Lefamulin May Offer Alternative in Community-Acquired Bacterial Pneumonia

In patients with community-acquired bacterial pneumonia, lefamulin may offer a much-needed IV/oral empiric monotherapy alternative to other antibiotic classes.

In patients with community-acquired bacterial pneumonia (CABP), the first-in-class pleuromutilin antibiotic lefamulin may offer a much-needed intravenous (IV)/oral empiric monotherapy alternative to other antibiotic classes, such as fluoroquinolones and macrolide, according to results of an analysis published in the journal BMC Pulmonary Medicine. Researchers used pooled data from the double-blind, double-dummy, parallel-group Lefamulin Evaluation Against Pneumonia (LEAP) 1 (ClinicalTrials.gov Identifier: NCT02559310) and LEAP 2 (ClinicalTrials.gov identifier: NCT02813694) studies to examine the efficacy and safety of lefamulin overall and within various subgroups of patients who presented with common clinical comorbidities. 

LEAP 1 was an IV-to-oral switch study and LEAP 2 was an oral-only study. In LEAP 1, participants could switch to oral therapy (lefamulin 600 mg every 12 hours) after receiving 6 IV doses (for approximately 3 days). In LEAP 2, participants were treated with oral lefamulin 600 mg every 12 hours (for 5 days) or moxifloxacin 400 mg every 24 hours (for 7 days). 

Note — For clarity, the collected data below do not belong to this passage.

Lemma has_tw_le_pullback G K (f : T -> T) k : wf_graph K ->
    {in gV K &, injective f} -> {in gV K, forall x, f x \in gV G} ->
    (forall x y, gE K x y -> gE G (f x) (f y)) ->
  has_tw_le G k -> has_tw_le K k.
Proof.
move=> [_ _ inV] injf fV fE [I [tE [B [[tree _] cover edge conn size]]]].
pose B' i := [set x in gV K | f x \in B i].
exists I, tE, B'; split.
- by split=> // i; apply/subsetP => x; rewrite inE => /andP[].
- by move=> x xV; have [i fxi] := cover _ (fV x xV); exists i; rewrite inE xV.
- move=> x y xy; have /andP[xV yV] := inV _ _ xy.
  have [i /andP[xi yi]] := edge _ _ (fE _ _ xy).
  by exists i; rewrite !inE xV yV xi yi.
- move=> x i j; rewrite !inE => /andP[xV xi] /andP[_ xj].
  apply: connect_mono (conn _ _ _ xi xj) => a b /and3P[ab xa xb].
  by rewrite /= ab !inE xV xa xb.
- move=> i; apply: leq_trans (size i).
  have B'V : {subset B' i <= gV K} by move=> x; rewrite inE => /andP[].
  rewrite -(card_in_imset (sub_in2 B'V injf)); apply: subset_leq_card.
  by apply/subsetP => _ /imsetP[x + ->]; rewrite inE => /andP[].
Qed.

Lemma has_tw_le_subgraph G K k : wf_graph K ->
  gV K \subset gV G -> subrel (gE K) (gE G) -> has_tw_le G k -> has_tw_le K k.
Proof. by move=> wK /subsetP KG; apply: (has_tw_le_pullback (f := id)). Qed.

Lemma has_tw_le_contract G u v k : wf_graph G -> gE G u v ->
  has_tw_le G k -> has_tw_le (contract G u v) k.
Proof.
move=> [_ irrG inV] uv [I [tE [B [[tree sub] cover edge conn size]]]].
have /andP[_ vV] := inV _ _ uv.
have vu : v != u by apply: contraTneq uv => ->; rewrite irrG.
pose B' i := if u \in B i then v |: (B i :\ u) else B i.
have B'_keep i z : z != u -> z \in B i -> z \in B' i.
  by rewrite /B' => zu zi; case: ifP => _ //; rewrite !inE zu zi orbT.
have B'_v i : u \in B i -> v \in B' i by rewrite /B' => ->; rewrite setU11.
have B'_neq_u i z : z \in B' i -> z != u.
  rewrite /B'; case: ifP => ui; first by rewrite !inE => /orP[/eqP-> //|/andP[]].
  by apply: contraTneq => ->; rewrite ui.
have B'_old i z : z != v -> z \in B' i -> z \in B i.
  by rewrite /B'; case: ifP => // _ zv; rewrite !inE (negbTE zv) => /andP[].
have B'_vE i : (v \in B' i) = (v \in B i) || (u \in B i).
  by rewrite /B'; case: ifP => ui; rewrite ?setU11 ?orbT ?orbF.
exists I, tE, B'; split.
- split=> // i; apply/subsetP => z zi; rewrite in_setD1 (B'_neq_u _ _ zi) /=.
  have [-> //|zv] := eqVneq z v; exact: subsetP (sub i) _ (B'_old _ _ zv zi).
- by move=> z /setD1P[zu /cover[i zi]]; exists i; apply: B'_keep.
- move=> a b /and4P[au bu _ /or3P[ab|/andP[/eqP-> ub]|/andP[/eqP-> au']]].
  + by have [i /andP[ai bi]] := edge _ _ ab; exists i; rewrite !B'_keep.
  + by have [i /andP[ui bi]] := edge _ _ ub; exists i; rewrite B'_v // B'_keep.
  + by have [i /andP[ai ui]] := edge _ _ au'; exists i; rewrite B'_v // B'_keep.
- move=> z i j zi zj; have [zv|zv] := eqVneq z v; last first.
    have zu := B'_neq_u _ _ zi.
    apply: connect_mono (conn _ _ _ (B'_old _ _ zv zi) (B'_old _ _ zv zj)).
    by move=> a b /and3P[ab za zb]; rewrite /= ab !B'_keep.
  (* the subtrees of [u] and [v] meet, at a bag containing the edge [uv] *)
  subst z; have [i0 /andP[ui0 vi0]] := edge _ _ uv.
  have symE : symmetric tE by case: tree.
  move: zi zj; rewrite !B'_vE => vui vuj.
  have := connect_restrictU (P := fun l => v \in B l) (Q := fun l => u \in B l)
    symE vi0 ui0 (conn v) (conn u) vui vuj.
  by apply: connect_mono => a b /=; rewrite !B'_vE.
- move=> i; apply: leq_trans (size i); rewrite /B'; case: ifP => // ui.
  by rewrite cardsU1 (cardsD1 u (B i)) ui add1n; case: (v \notin _).
Qed.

In both studies, early clinical response (ECR) was evaluated at 96±24 hours following the drug dose and investigator assessment of clinical response (IACR) at test of cure (ie, 5 to 10 days after the last dose). Patients who were eligible for enrollment included adults with radiographically diagnosed pneumonia, Pneumonia Outcomes Research Team (PORT) risk class 3 to 5 in LEAP 1 or PORT risk class 2 to 4 in LEAP 2, acute onset of at least 3 symptoms of CABP, at least 2 vital sign abnormalities, and at least 1 additional clinical sign or laboratory finding of CABP. 

The pooled intent-to-treat (ITT) population included a total of 1289 patients, of whom 646 were randomly assigned to lefamulin and 643 to moxifloxacin. Baseline disease and demographic characteristics were well balanced between the treatment arms. In the pooled ITT population, ECR rates were high (89.3% with lefamulin vs 90.5% with moxifloxacin; difference of -1.1%; 95% CI, -4.4 to 2.2), with lefamulin noninferior to moxifloxacin. Overall, more than 60% of patients met ECR criteria by day 3, and more than 80% of patients in both treatment arms met ECR criteria by day 4 and further increases through day 7.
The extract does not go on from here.